### Data section
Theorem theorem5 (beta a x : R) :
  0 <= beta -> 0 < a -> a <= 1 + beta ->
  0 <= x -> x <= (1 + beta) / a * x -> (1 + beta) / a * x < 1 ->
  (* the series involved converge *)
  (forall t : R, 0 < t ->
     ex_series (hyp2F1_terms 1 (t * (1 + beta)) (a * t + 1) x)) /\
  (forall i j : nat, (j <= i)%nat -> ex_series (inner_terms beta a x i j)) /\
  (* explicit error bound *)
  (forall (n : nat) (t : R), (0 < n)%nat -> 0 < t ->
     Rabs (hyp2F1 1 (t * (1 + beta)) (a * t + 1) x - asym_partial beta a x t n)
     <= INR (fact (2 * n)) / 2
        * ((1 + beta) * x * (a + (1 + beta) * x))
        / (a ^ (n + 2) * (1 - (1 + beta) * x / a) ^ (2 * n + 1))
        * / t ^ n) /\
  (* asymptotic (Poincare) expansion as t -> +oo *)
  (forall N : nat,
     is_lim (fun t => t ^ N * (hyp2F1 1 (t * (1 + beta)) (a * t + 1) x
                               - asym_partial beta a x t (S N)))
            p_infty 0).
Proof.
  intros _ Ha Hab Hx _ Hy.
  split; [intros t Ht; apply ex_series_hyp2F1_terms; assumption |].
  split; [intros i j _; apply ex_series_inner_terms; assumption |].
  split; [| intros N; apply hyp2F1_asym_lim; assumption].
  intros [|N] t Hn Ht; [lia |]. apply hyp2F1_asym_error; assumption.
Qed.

### What you are asked to do
Retype only this portion of the data above: the line containing "- asym_partial beta a x t (S", the line containing "split; [| intros", and all lines between them, exactly.

### Response to this task
                               - asym_partial beta a x t (S N)))
            p_infty 0).
Proof.
  intros _ Ha Hab Hx _ Hy.
  split; [intros t Ht; apply ex_series_hyp2F1_terms; assumption |].
  split; [intros i j _; apply ex_series_inner_terms; assumption |].
  split; [| intros N; apply hyp2F1_asym_lim; assumption].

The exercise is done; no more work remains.